Eppure, da bambino, mi ero preso una cotta per lei proprio per quei dettagli che gli altri chiamavano difetti: l'apparecchio ai denti quando i suoi incisivi erano storti, gli occhiali per la stanchezza, le guance troppo paffute, le gambe lunghe che, al tempo, la rendevano più alta di me e della maggior parte dei suoi compagni di classe. Ogni piccolo particolare, ogni tratto distintivo che altri avrebbero potuto vedere come imperfezione, era per me un motivo in più per ammirarla.
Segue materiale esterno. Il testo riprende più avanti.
(* Every partial product of the perturbed sequence is bounded by induction; the
   geometric sum of the telescoped error terms is closed by subrXX. *)
Lemma opnorm_prod_perturb N (Y D : nat -> 'M[R]_N) (kap xi e : R) : 0 <= e ->
  (forall a L, opnorm (\prod_(a <= j < a + L) Y j) <= kap * xi ^+ L) ->
  (forall j, opnorm (D j) <= e) ->
  forall k, opnorm (\prod_(0 <= j < k) (Y j + D j)) <= kap * (xi + kap * e) ^+ k.
Proof.
move=> e0 boundY boundD k; elim/ltn_ind: k => k IH.
set c := xi + kap * e.
have term_bound (m : 'I_k) : opnorm ((\prod_(0 <= j < m) (Y j + D j)) * D m *
    \prod_(m.+1 <= j < k) Y j) <= kap * c ^+ m * e * (kap * xi ^+ (k.-1 - m)).
  apply: le_trans (opnorm_mulmx _ _) _.
  apply: ler_pM; rewrite ?opnorm_ge0 //.
    apply: le_trans (opnorm_mulmx _ _) _.
    by apply: ler_pM; rewrite ?opnorm_ge0 ?IH.
  have := boundY m.+1 (k.-1 - m)%N.
  by rewrite (_ : (m.+1 + (k.-1 - m) = k)%N) //; have := ltn_ord m; lia.
rewrite prod_telescope; apply: le_trans (opnormD _ _) _.
have head := boundY 0%N k; rewrite add0n in head.
apply: le_trans (lerD head (opnorm_sum _ _)) _.
apply: le_trans (lerD (lexx _) (ler_sum _ (fun m _ => term_bound m))) _.
have -> : \sum_(m < k) kap * c ^+ m * e * (kap * xi ^+ (k.-1 - m)) =
    kap * (c ^+ k - xi ^+ k).
  rewrite -opprB subrXX mulrN -mulNr !mulr_sumr; apply: eq_bigr => m _.
  by rewrite /c; ring.
by rewrite -mulrDr addrC subrK.
Qed.

Lemma opnorm_pow_perturb N (M M' : 'M[R]_N) tau rho e : 0 <= e ->
  opnorm (M' - M) <= e -> (forall k, opnorm (M ^+ k) <= tau * rho ^+ k) ->
  forall k, opnorm (M' ^+ k) <= tau * (rho + tau * e) ^+ k.
Proof.
move=> e0 dM boundM k.
have := opnorm_prod_perturb (Y := fun _ => M) e0 _ (fun _ => dM) k.
rewrite prodr_const_nat subn0 addrC subrK; apply => a L.
by rewrite prodr_const_nat addKn.
Qed.

Lemma opnorm_word_perturb (I : finType) n (A A' : I -> 'M[R]_n) kap xi e : 0 <= e ->
  (forall i, opnorm (A' i - A i) <= e) ->
  (forall k (w : {ffun 'I_k -> I}), opnorm (prodmx A w) <= kap * xi ^+ k) ->
  forall k (w : {ffun 'I_k -> I}), opnorm (prodmx A' w) <= kap * (xi + kap * e) ^+ k.
Proof.
move=> e0 dA boundA [|k] w; first by have := boundA 0%N w; rewrite /prodmx !big_ord0.
pose f j := w (inord j).
have := opnorm_prod_perturb (Y := fun j => A (f j)) e0 _ (fun j => dA (f j)) k.+1.
have -> : \prod_(0 <= j < k.+1) (A (f j) + (A' (f j) - A (f j))) = prodmx A' w.
  by rewrite big_mkord; apply: eq_bigr => j _; rewrite addrC subrK /f inord_val.
apply => a L; pose v := [ffun i : 'I_L => f (a + i)%N].
have -> : \prod_(a <= j < a + L) A (f j) = prodmx A v.
  rewrite /prodmx -{1}[a]add0n big_addn addKn big_mkord.
  by apply: eq_bigr => i _; rewrite ffunE addnC.
exact: boundA.
Qed.

End ProductPerturbation.

Section Clustering.
Variables (R : realType) (s r : nat) (lab : 'I_s -> 'I_r).

Lemma sum_partition (V : nmodType) (F : 'I_s -> V) :
  \sum_j F j = \sum_(k < r) \sum_(j | lab j == k) F j.
Proof. by rewrite (partition_big lab predT). Qed.

(* [csize] counts a classical set, which is a boolean predicate only through [asbool]. *)
Lemma csizeE k : csize R lab k = #|[pred i | lab i == k]|%:R.
Proof.
by congr _%:R; apply: eq_card => i; rewrite /in_mem /mem /= /in_set /mkset asboolb.
Qed.

Lemma sum_cluster_const (V : lmodType R) k (x : V) :
  \sum_(i | lab i == k) x = csize R lab k *: x.
Proof. by rewrite csizeE scaler_nat -sumr_const. Qed.

Lemma csize_ge1 j : 1 <= csize R lab (lab j).
Proof. by rewrite csizeE ler1n; apply/card_gt0P; exists j; rewrite inE. Qed.

Lemma csize_gt0 j : 0 < csize R lab (lab j).
Proof. exact: lt_le_trans ltr01 (csize_ge1 j). Qed.

Lemma csize_inv_ge0 k : 0 <= (csize R lab k)^-1.
Proof. by rewrite invr_ge0 csizeE ler0n. Qed.

Lemma csize_inv_mul_le j x : 0 <= x -> (csize R lab (lab j))^-1 * x <= x.
Proof. by move=> x0; rewrite ler_piMl ?invr_le1 ?unitfE ?lt0r_neq0 ?csize_gt0 ?csize_ge1. Qed.

Lemma exp_mats_dev m p (A : 'I_s -> 'M[R]_(m, p)) epsA :
  clust_close lab A epsA -> \sum_j opnorm (exp_mats lab A j - A j) <= epsA.
Proof.
move=> close; apply: le_trans close.
rewrite sum_partition; apply: ler_sum => k _; rewrite exchange_big /=.
apply: ler_sum => j /eqP <-.
have -> : exp_mats lab A j - A j =
    (csize R lab (lab j))^-1 *: \sum_(i | lab i == lab j) (A i - A j).
  rewrite sumrB sum_cluster_const scalerBr scalerA mulVf ?scale1r //.
  exact: lt0r_neq0 (csize_gt0 j).
apply: le_trans (opnormZ _ _) _; rewrite ger0_norm ?csize_inv_ge0 //.
apply: le_trans (ler_wpM2l (csize_inv_ge0 _) (opnorm_sum _ _)) _.
apply: le_trans (csize_inv_mul_le _ (sumr_ge0 _ (fun i _ => opnorm_ge0 _))) _.
by apply: ler_sum => i _; exact: opnorm_le_frobn.
Qed.

Section ExpandedMarkov.
Variable T : 'M[R]_s.
Hypothesis T_markov : markov T.
Hypothesis lab_partition : is_partition lab.

Local Notation That := (red_markov lab T).

Definition block_sum i l : R := \sum_(j | lab j == l) T i j.

(* Each block of row i of T is rescaled to carry the mass That(lab i, l), and
   replaced by the uniform distribution on the block when it carries no mass. *)
Definition exp_markov : 'M[R]_s := \matrix_(i, j)
  (if block_sum i (lab j) == 0 then That (lab i) (lab j) / csize R lab (lab j)
   else T i j * (That (lab i) (lab j) / block_sum i (lab j))).

Lemma markov_ge0 i j : 0 <= T i j.
Proof. by case: T_markov. Qed.

Lemma block_sum_ge0 i l : 0 <= block_sum i l.
Proof. by apply: sumr_ge0 => j _; exact: markov_ge0. Qed.

Lemma red_markovE k l : That k l = (csize R lab k)^-1 * \sum_(i | lab i == k) block_sum i l.
Proof. by rewrite mxE. Qed.

Lemma red_markov_ge0 k l : 0 <= That k l.
Proof.
by rewrite red_markovE mulr_ge0 ?csize_inv_ge0 // sumr_ge0 // => i _; exact: block_sum_ge0.
Qed.

Lemma red_markov_row_sum i : \sum_l That (lab i) l = 1.
Proof.
under eq_bigr do rewrite red_markovE.
rewrite -mulr_sumr exchange_big /=.
under eq_bigr do rewrite /block_sum -sum_partition (proj2 T_markov).
by rewrite sum_cluster_const /GRing.scale /= mulr1 mulVf // lt0r_neq0 // csize_gt0.
Qed.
Era come se quei dettagli la rendessero più autentica, più vera, e mi facevano sentire più vicino a lei.

Nella lista infinita dei difetti che bambini e adulti tiravano fuori dalla persona di Lilith, il Julian bambino leggeva solo ciò che gli piaceva di più di lei.

Mi ritirai appena sentii il suo braccio avvolgermi il busto, o almeno tentarlo. Contenni a fatica una risata mentre la vedevo litigare con i suoi stessi capelli, cercando di metterli da un lato con gli occhi ancora chiusi; poi, infastidita dalla luce del sole, si costrinse a svegliarsi.

«Cazzo...» borbottò con la voce impastata dal sonno. «Cha male» si premette una mano sulla fronte, allontanandosi appena dal mio corpo per stiracchiarsi.

«Buongiorno anche a te» sussurrai divertito. «Male alla testa?»

La vidi annuire debolmente, mantenendo lo sguardo fisso sul soffitto per qualche istante. Si stava chiaramente sforzando di tenere gli occhi aperti, e mi costò non sorridere di fronte a quella scena. Poi, si girò tra le coperte per raggiungermi di nuovo, appoggiando la fronte sul mio petto e avvolgendomi con le sue braccia. Lasciai che lo facesse, stringendola a mia volta. Sembrava ancora in parte nel mondo dei sogni, perché una Lilith completamente sveglia non si sarebbe mai comportata così.